> TASK TO COMPLETE
The entries below hold a line with "Set Implicit Arguments." and a line with "sum_i |D_i(t)| <= 2N.". Return those lines and all that lie between them, exactly and only.

> DATA FOR PROCESSING
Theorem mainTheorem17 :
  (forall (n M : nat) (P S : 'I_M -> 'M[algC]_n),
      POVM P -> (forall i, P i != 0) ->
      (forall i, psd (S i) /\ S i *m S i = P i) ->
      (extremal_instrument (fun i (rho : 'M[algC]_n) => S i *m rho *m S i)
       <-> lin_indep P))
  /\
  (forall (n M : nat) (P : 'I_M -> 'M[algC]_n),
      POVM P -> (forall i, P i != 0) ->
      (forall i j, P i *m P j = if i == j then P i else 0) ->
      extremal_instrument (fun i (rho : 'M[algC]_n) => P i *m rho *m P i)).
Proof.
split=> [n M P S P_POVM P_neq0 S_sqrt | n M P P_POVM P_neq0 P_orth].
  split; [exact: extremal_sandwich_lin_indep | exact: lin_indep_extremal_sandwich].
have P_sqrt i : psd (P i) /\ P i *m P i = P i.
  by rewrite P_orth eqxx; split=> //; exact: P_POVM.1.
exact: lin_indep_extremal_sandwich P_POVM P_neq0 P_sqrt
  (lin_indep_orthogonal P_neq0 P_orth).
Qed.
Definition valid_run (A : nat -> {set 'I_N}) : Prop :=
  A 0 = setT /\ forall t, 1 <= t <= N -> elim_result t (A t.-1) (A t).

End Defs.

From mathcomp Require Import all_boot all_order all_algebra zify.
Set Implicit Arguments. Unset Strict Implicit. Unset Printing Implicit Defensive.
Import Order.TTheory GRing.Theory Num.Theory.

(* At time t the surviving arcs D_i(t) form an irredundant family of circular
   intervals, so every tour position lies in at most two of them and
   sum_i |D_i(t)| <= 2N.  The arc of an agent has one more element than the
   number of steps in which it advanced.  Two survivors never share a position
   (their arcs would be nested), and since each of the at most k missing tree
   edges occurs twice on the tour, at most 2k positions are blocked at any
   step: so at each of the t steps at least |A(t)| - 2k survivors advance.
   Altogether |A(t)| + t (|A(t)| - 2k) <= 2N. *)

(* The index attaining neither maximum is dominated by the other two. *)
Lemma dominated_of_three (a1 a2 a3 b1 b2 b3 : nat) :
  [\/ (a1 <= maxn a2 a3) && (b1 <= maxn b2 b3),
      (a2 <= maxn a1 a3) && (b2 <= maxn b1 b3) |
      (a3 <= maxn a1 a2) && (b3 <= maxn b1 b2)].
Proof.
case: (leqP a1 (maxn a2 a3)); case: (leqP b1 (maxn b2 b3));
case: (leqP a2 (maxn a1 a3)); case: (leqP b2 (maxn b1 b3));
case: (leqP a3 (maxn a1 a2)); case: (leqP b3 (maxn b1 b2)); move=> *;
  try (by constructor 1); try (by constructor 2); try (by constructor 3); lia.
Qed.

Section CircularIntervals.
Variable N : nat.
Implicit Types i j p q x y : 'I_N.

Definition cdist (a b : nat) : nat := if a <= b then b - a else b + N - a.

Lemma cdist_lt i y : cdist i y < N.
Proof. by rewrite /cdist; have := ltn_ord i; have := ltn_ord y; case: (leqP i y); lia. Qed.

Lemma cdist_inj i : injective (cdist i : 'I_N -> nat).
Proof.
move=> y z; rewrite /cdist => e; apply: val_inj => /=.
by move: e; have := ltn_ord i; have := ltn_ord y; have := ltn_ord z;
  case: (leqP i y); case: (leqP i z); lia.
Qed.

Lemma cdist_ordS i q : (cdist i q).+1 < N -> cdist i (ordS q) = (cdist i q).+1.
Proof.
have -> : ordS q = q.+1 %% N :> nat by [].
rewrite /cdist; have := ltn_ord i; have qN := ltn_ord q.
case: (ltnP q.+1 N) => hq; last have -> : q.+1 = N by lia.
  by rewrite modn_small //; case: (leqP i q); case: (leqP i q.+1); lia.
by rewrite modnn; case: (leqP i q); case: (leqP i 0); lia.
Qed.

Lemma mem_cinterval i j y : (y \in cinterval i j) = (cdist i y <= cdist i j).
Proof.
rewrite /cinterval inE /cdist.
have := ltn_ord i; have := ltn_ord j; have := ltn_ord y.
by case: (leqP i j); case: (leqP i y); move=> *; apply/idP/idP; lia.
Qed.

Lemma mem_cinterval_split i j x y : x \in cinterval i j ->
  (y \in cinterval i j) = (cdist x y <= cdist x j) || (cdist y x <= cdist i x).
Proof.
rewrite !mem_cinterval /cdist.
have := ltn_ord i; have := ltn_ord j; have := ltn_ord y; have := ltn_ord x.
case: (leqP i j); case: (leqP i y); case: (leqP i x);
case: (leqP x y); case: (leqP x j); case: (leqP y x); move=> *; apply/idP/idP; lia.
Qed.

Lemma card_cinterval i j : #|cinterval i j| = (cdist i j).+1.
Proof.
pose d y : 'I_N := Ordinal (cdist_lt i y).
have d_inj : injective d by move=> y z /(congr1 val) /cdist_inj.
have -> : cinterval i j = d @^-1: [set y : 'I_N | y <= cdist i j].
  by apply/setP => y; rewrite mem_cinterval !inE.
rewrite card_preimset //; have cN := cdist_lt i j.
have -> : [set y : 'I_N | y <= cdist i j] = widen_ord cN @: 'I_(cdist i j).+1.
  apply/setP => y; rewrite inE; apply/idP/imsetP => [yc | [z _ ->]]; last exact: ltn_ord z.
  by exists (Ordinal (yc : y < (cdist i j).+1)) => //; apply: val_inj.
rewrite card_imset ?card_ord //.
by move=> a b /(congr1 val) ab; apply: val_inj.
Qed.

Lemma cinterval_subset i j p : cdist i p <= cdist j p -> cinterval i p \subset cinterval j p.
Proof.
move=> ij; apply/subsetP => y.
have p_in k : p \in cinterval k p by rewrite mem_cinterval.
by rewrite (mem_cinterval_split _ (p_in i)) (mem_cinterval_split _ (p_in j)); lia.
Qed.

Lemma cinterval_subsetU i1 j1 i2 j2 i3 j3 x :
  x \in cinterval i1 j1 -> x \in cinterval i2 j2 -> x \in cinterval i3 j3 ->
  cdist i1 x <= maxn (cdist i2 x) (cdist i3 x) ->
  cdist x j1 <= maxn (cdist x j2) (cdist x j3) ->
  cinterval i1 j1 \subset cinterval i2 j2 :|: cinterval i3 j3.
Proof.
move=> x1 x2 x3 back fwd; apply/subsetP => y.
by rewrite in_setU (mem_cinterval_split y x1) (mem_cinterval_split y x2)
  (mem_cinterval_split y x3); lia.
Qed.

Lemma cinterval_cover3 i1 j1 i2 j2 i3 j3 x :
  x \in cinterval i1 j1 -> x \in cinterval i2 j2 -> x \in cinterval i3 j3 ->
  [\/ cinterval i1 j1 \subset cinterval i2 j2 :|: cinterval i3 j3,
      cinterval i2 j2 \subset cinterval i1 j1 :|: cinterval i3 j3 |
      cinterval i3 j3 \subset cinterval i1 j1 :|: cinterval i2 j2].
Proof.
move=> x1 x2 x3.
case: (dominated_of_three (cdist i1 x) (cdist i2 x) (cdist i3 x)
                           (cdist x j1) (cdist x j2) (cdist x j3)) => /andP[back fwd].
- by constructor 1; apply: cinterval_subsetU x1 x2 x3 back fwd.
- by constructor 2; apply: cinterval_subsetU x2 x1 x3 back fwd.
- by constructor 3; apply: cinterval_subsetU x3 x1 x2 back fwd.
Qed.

> RESULT
Set Implicit Arguments. Unset Strict Implicit. Unset Printing Implicit Defensive.
Import Order.TTheory GRing.Theory Num.Theory.

(* At time t the surviving arcs D_i(t) form an irredundant family of circular
   intervals, so every tour position lies in at most two of them and
   sum_i |D_i(t)| <= 2N.  The arc of an agent has one more element than the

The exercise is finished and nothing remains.